- The task
From the records below, output exactly the lines running from the line containing "[/\ involutive (@mg_alpha" through the line containing "A 1-eigenvector g", and no others.

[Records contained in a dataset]
^^^^

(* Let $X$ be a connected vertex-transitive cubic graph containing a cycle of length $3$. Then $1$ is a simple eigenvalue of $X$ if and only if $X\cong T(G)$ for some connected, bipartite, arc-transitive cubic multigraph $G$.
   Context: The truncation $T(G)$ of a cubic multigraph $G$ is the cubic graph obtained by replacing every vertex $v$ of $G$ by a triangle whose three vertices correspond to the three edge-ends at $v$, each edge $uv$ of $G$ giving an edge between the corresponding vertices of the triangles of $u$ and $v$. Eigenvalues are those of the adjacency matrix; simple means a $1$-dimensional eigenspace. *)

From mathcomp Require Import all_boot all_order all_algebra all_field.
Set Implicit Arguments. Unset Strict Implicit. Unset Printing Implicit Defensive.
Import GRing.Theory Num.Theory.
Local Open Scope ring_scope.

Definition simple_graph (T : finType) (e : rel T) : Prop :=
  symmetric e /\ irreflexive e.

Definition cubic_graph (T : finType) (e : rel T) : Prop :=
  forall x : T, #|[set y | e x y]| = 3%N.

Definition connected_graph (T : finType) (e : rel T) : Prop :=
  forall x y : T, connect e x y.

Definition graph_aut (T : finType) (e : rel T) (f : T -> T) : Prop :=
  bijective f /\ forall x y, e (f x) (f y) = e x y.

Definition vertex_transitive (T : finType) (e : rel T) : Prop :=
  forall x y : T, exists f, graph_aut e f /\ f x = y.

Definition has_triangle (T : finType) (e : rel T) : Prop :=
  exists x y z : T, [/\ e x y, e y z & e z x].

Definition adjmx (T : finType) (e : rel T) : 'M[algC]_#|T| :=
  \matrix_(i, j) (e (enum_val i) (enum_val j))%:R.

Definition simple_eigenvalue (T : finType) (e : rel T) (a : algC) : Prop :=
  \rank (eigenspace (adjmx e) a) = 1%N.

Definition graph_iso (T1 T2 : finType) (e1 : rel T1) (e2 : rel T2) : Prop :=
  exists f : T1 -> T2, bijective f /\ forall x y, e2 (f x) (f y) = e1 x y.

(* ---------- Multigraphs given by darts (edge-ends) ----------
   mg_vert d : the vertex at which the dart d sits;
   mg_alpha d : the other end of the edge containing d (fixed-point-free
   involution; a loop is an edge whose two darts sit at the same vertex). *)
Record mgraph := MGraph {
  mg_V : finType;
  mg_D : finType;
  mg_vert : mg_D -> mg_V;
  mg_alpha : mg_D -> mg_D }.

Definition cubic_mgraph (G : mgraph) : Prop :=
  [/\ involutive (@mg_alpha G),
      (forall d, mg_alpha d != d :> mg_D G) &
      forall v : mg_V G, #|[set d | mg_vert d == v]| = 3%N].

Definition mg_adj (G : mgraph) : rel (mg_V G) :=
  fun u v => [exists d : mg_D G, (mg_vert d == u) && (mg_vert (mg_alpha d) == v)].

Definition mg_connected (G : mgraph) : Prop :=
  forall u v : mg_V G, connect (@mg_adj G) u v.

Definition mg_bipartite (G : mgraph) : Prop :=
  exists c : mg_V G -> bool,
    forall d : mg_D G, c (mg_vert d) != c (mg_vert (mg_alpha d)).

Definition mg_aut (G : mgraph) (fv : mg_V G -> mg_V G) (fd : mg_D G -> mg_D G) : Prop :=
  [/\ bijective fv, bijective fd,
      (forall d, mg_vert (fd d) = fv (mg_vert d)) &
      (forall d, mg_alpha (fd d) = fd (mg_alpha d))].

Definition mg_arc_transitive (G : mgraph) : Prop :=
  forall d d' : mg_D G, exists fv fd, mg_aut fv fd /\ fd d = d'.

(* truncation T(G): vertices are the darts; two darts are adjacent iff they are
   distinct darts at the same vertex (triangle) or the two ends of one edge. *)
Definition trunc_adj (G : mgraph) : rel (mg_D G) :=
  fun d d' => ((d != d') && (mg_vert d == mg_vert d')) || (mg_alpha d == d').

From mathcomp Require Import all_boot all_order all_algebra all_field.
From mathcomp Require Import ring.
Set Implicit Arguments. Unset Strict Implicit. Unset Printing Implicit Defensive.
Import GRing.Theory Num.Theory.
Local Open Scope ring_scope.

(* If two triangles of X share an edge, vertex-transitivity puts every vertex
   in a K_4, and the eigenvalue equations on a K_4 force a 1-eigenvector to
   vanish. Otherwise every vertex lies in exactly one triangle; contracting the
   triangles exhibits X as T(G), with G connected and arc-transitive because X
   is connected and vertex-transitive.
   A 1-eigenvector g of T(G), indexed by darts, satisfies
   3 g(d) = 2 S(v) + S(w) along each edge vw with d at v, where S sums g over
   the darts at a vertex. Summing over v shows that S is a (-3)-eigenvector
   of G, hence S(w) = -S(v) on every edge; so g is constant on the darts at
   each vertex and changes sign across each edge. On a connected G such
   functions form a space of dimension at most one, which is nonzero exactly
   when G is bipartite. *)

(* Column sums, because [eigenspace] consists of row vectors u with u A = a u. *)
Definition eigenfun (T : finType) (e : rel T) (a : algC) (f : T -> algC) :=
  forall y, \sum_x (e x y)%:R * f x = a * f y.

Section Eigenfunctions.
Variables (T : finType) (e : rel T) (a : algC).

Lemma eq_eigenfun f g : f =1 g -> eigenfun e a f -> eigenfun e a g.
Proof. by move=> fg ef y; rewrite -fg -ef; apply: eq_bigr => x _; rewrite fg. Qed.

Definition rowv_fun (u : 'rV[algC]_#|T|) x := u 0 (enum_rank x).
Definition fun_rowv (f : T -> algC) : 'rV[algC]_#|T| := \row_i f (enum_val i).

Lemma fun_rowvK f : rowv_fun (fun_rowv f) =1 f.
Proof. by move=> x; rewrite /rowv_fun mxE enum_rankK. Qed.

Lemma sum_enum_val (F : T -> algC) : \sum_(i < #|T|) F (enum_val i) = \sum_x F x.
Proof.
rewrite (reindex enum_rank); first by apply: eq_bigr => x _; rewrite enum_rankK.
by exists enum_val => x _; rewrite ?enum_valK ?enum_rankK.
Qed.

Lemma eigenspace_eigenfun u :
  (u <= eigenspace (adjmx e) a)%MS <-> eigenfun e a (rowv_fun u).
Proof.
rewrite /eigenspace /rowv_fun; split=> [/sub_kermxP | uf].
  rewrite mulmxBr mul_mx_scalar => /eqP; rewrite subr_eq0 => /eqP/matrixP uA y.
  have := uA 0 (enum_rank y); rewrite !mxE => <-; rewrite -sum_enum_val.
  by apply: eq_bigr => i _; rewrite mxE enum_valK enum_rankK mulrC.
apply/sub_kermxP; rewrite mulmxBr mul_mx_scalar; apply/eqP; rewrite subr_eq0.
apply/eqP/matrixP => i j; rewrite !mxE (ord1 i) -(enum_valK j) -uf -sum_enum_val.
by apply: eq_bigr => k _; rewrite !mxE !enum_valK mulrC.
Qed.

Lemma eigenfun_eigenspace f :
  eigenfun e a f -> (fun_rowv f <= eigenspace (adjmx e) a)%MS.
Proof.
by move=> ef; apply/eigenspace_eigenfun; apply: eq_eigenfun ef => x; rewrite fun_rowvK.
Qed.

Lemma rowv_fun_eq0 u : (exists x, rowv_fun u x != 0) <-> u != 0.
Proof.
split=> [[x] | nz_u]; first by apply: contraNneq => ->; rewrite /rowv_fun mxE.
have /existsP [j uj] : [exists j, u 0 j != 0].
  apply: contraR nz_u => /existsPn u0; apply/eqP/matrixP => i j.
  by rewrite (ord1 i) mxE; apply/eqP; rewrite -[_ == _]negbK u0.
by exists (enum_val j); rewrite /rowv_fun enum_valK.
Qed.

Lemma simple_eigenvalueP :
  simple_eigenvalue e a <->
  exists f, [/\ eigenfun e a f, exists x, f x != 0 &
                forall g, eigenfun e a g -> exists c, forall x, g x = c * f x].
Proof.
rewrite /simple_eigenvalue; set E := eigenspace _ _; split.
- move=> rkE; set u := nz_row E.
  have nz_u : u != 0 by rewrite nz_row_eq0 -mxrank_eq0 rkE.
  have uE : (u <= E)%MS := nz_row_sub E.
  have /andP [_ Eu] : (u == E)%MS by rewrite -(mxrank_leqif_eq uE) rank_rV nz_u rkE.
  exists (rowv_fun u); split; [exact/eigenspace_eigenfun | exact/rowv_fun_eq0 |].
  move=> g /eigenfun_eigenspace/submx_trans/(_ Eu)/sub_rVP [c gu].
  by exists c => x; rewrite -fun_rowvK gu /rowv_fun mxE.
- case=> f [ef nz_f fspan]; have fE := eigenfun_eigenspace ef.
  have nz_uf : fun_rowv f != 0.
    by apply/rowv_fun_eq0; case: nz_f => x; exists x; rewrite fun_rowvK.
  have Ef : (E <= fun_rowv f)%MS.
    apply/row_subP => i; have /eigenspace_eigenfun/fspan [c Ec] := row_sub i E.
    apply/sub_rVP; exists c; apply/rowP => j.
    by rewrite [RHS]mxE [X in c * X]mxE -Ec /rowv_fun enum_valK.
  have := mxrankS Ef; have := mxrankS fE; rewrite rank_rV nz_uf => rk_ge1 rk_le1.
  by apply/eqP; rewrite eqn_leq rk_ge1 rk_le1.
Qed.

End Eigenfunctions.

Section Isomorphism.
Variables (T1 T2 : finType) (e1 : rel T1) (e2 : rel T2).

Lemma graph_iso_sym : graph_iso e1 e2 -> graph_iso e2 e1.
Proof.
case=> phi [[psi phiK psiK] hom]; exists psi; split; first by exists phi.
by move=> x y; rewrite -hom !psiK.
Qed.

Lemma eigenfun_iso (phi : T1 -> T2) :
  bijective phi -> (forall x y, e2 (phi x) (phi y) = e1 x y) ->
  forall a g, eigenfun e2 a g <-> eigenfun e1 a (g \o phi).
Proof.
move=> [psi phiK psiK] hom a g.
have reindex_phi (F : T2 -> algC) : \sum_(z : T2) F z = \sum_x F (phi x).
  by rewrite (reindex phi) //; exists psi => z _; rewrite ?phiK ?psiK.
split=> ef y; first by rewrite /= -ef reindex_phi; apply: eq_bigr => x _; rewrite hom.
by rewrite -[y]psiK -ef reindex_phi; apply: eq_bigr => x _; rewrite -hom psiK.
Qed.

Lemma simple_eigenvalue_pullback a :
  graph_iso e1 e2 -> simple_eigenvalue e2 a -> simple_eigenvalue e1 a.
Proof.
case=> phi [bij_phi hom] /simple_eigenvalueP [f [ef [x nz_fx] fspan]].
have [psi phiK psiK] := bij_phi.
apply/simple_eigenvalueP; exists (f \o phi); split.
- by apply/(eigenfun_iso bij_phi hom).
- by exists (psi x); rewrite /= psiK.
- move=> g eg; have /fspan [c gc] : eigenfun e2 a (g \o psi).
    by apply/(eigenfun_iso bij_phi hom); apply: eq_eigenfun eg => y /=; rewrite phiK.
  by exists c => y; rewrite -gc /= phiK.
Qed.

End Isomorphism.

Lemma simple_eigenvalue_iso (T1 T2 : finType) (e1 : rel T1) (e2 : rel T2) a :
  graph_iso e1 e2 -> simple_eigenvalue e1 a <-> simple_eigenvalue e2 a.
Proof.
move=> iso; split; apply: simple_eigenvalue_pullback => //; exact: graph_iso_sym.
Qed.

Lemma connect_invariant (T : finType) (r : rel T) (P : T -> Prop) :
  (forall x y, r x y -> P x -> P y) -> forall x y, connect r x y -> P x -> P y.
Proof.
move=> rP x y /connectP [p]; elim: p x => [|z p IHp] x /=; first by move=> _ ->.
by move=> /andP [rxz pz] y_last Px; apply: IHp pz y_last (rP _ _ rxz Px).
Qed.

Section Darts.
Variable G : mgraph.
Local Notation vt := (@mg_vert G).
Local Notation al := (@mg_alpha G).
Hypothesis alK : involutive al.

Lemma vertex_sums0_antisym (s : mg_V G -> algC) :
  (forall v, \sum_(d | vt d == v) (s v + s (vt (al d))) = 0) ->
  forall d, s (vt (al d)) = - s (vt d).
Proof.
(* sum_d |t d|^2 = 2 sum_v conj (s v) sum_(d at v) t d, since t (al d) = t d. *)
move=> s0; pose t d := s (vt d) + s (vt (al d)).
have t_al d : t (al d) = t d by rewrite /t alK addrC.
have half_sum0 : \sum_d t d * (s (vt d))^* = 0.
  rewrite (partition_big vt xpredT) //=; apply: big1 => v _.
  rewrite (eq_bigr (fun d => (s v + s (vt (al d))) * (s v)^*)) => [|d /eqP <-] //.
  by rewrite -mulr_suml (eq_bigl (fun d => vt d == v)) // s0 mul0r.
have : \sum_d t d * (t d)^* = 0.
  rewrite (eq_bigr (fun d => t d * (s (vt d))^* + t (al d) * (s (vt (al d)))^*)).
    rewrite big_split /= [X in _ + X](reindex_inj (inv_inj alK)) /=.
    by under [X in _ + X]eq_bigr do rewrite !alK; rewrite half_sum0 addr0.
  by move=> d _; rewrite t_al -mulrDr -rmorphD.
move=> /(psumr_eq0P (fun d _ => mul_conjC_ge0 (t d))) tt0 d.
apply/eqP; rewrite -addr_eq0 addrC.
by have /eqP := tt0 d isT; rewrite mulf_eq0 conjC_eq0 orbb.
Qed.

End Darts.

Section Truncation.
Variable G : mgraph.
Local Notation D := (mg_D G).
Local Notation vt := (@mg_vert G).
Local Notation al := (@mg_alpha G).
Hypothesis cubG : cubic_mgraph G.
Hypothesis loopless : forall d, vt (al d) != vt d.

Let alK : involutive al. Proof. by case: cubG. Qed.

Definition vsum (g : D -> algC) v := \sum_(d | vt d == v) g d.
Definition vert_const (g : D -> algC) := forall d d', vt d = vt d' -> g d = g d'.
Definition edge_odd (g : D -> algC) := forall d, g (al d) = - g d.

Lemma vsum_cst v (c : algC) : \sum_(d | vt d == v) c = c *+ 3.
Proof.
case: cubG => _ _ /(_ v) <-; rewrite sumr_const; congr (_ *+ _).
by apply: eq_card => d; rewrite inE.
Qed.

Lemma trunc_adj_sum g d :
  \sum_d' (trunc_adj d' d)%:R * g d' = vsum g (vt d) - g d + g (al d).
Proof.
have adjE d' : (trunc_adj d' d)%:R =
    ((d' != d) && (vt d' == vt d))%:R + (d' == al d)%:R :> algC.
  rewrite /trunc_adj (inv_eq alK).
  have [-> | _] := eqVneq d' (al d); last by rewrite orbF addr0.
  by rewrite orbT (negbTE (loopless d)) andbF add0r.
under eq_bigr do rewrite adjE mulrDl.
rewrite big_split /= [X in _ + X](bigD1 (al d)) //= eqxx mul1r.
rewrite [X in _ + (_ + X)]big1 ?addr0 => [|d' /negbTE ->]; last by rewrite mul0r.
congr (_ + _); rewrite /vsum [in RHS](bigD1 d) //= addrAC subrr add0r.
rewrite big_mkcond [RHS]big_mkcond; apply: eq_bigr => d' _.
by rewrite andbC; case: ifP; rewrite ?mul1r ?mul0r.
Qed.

^^^^

- Expected answer
  [/\ involutive (@mg_alpha G),
      (forall d, mg_alpha d != d :> mg_D G) &
      forall v : mg_V G, #|[set d | mg_vert d == v]| = 3%N].

Definition mg_adj (G : mgraph) : rel (mg_V G) :=
  fun u v => [exists d : mg_D G, (mg_vert d == u) && (mg_vert (mg_alpha d) == v)].

Definition mg_connected (G : mgraph) : Prop :=
  forall u v : mg_V G, connect (@mg_adj G) u v.

Definition mg_bipartite (G : mgraph) : Prop :=
  exists c : mg_V G -> bool,
    forall d : mg_D G, c (mg_vert d) != c (mg_vert (mg_alpha d)).

Definition mg_aut (G : mgraph) (fv : mg_V G -> mg_V G) (fd : mg_D G -> mg_D G) : Prop :=
  [/\ bijective fv, bijective fd,
      (forall d, mg_vert (fd d) = fv (mg_vert d)) &
      (forall d, mg_alpha (fd d) = fd (mg_alpha d))].

Definition mg_arc_transitive (G : mgraph) : Prop :=
  forall d d' : mg_D G, exists fv fd, mg_aut fv fd /\ fd d = d'.

(* truncation T(G): vertices are the darts; two darts are adjacent iff they are
   distinct darts at the same vertex (triangle) or the two ends of one edge. *)
Definition trunc_adj (G : mgraph) : rel (mg_D G) :=
  fun d d' => ((d != d') && (mg_vert d == mg_vert d')) || (mg_alpha d == d').

From mathcomp Require Import all_boot all_order all_algebra all_field.
From mathcomp Require Import ring.
Set Implicit Arguments. Unset Strict Implicit. Unset Printing Implicit Defensive.
Import GRing.Theory Num.Theory.
Local Open Scope ring_scope.

(* If two triangles of X share an edge, vertex-transitivity puts every vertex
   in a K_4, and the eigenvalue equations on a K_4 force a 1-eigenvector to
   vanish. Otherwise every vertex lies in exactly one triangle; contracting the
   triangles exhibits X as T(G), with G connected and arc-transitive because X
   is connected and vertex-transitive.
   A 1-eigenvector g of T(G), indexed by darts, satisfies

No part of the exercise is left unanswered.